Repeat word for word the opening stretch of the entries, from the first line through the line containing "forall a, invmx".
** Opening RECORDED INFORMATION block **
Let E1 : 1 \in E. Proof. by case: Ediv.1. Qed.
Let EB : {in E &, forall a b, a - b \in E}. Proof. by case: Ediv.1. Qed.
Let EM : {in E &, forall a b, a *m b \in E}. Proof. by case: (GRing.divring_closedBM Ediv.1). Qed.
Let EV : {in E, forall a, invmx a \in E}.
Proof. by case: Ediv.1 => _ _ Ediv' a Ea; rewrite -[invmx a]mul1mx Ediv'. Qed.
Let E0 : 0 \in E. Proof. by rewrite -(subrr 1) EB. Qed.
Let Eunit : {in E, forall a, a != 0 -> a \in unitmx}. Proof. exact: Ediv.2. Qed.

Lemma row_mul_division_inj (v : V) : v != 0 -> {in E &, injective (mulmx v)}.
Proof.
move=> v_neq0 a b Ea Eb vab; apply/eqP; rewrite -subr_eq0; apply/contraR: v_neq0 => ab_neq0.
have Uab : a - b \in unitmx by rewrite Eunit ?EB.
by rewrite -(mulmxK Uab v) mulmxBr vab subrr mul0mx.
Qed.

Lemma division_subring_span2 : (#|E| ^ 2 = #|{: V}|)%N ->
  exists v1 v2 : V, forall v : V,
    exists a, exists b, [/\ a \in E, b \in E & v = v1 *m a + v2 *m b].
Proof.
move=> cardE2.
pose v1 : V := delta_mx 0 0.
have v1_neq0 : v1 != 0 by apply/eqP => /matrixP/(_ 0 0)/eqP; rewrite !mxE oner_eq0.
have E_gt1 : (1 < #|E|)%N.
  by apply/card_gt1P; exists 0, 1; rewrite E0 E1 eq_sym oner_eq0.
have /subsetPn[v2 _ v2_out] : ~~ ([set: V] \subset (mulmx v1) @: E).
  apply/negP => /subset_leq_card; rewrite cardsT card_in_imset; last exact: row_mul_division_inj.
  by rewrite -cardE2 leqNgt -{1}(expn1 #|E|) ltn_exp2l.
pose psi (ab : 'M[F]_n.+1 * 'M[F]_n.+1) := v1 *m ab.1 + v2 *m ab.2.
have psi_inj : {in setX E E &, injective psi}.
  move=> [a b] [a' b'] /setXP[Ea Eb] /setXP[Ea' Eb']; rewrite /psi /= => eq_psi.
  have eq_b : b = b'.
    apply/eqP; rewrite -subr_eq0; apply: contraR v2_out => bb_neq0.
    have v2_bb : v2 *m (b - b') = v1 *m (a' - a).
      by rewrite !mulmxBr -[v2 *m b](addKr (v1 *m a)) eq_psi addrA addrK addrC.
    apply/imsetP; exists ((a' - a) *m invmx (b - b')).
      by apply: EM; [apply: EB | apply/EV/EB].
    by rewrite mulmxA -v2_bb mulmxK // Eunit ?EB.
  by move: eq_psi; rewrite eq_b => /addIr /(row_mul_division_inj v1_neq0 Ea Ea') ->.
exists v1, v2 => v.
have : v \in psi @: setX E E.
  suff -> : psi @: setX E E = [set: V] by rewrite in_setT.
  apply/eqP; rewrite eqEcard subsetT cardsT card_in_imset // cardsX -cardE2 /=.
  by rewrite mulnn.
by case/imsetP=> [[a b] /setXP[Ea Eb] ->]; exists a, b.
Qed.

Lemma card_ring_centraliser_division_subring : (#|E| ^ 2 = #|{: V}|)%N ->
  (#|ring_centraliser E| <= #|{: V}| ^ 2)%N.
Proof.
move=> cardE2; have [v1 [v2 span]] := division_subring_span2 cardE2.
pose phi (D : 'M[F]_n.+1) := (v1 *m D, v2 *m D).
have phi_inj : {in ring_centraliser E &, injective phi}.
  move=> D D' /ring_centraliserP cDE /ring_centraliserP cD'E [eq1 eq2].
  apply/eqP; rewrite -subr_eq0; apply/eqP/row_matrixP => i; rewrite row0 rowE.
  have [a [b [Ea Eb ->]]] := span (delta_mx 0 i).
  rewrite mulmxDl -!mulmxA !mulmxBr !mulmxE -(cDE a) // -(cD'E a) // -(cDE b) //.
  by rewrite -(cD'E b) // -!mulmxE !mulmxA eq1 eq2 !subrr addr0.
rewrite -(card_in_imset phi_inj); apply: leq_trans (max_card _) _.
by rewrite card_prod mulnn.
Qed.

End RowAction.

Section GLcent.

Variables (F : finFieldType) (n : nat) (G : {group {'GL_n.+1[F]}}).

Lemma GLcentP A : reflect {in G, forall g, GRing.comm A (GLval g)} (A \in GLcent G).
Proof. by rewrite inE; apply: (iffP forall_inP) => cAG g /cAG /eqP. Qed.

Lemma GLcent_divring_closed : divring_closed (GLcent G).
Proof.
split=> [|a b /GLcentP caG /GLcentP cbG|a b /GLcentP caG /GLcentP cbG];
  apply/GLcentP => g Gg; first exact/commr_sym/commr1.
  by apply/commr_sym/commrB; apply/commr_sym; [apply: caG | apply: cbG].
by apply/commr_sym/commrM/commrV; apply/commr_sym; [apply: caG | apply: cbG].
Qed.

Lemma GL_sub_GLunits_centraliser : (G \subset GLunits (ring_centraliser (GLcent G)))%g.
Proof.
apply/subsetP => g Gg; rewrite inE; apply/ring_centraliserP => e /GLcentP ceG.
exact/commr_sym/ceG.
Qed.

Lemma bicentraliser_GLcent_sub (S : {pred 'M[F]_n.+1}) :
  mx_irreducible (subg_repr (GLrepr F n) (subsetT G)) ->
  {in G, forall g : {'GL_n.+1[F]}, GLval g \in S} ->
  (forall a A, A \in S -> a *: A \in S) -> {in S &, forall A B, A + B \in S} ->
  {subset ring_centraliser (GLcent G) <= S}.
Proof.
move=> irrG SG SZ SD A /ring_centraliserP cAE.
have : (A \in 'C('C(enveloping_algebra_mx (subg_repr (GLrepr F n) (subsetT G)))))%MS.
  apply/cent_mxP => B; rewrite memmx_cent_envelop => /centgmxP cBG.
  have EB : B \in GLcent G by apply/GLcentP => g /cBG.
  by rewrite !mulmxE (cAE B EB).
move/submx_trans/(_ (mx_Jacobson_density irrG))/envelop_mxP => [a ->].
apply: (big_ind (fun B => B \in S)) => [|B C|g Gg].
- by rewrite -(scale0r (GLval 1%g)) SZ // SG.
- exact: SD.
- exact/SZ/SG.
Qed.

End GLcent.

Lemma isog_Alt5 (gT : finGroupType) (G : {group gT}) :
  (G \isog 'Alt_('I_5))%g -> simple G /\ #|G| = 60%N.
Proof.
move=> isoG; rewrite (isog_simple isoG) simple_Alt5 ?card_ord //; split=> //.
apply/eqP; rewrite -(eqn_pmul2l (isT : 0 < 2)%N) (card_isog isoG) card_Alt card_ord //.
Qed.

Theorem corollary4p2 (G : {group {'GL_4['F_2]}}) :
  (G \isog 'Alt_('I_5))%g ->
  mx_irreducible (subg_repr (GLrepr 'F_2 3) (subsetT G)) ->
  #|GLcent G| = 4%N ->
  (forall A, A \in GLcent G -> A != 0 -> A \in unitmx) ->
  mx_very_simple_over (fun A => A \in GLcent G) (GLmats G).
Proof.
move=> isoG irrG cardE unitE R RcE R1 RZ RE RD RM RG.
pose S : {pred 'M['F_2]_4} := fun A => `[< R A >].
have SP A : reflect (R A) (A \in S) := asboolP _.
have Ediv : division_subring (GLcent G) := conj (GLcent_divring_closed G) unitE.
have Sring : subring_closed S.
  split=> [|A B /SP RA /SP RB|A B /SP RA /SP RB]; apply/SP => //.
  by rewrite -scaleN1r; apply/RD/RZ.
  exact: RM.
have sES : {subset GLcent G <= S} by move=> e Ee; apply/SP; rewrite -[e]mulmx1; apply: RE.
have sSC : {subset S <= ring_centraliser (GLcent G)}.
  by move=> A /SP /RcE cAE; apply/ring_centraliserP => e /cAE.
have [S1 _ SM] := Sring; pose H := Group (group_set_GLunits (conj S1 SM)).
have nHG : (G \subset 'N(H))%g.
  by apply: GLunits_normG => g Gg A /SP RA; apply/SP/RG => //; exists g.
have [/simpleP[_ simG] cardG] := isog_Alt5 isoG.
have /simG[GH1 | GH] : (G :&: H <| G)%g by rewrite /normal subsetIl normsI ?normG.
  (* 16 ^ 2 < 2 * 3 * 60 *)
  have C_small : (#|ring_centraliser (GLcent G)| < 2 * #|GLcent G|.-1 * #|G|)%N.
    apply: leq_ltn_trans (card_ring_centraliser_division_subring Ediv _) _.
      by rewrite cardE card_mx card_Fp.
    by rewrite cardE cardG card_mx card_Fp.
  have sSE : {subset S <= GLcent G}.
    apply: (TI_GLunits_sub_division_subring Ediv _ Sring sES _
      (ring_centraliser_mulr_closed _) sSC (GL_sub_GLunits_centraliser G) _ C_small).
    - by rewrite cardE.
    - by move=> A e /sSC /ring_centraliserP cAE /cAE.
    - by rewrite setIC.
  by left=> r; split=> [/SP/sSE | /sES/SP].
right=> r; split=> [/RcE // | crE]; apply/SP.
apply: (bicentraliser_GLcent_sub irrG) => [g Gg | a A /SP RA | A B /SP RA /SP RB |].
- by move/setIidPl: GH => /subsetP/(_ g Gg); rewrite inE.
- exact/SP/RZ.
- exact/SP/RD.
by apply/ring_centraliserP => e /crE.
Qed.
** Closing RECORDED INFORMATION block **
# FINISHED TASK
Let E1 : 1 \in E. Proof. by case: Ediv.1. Qed.
Let EB : {in E &, forall a b, a - b \in E}. Proof. by case: Ediv.1. Qed.
Let EM : {in E &, forall a b, a *m b \in E}. Proof. by case: (GRing.divring_closedBM Ediv.1). Qed.
Let EV : {in E, forall a, invmx a \in E}.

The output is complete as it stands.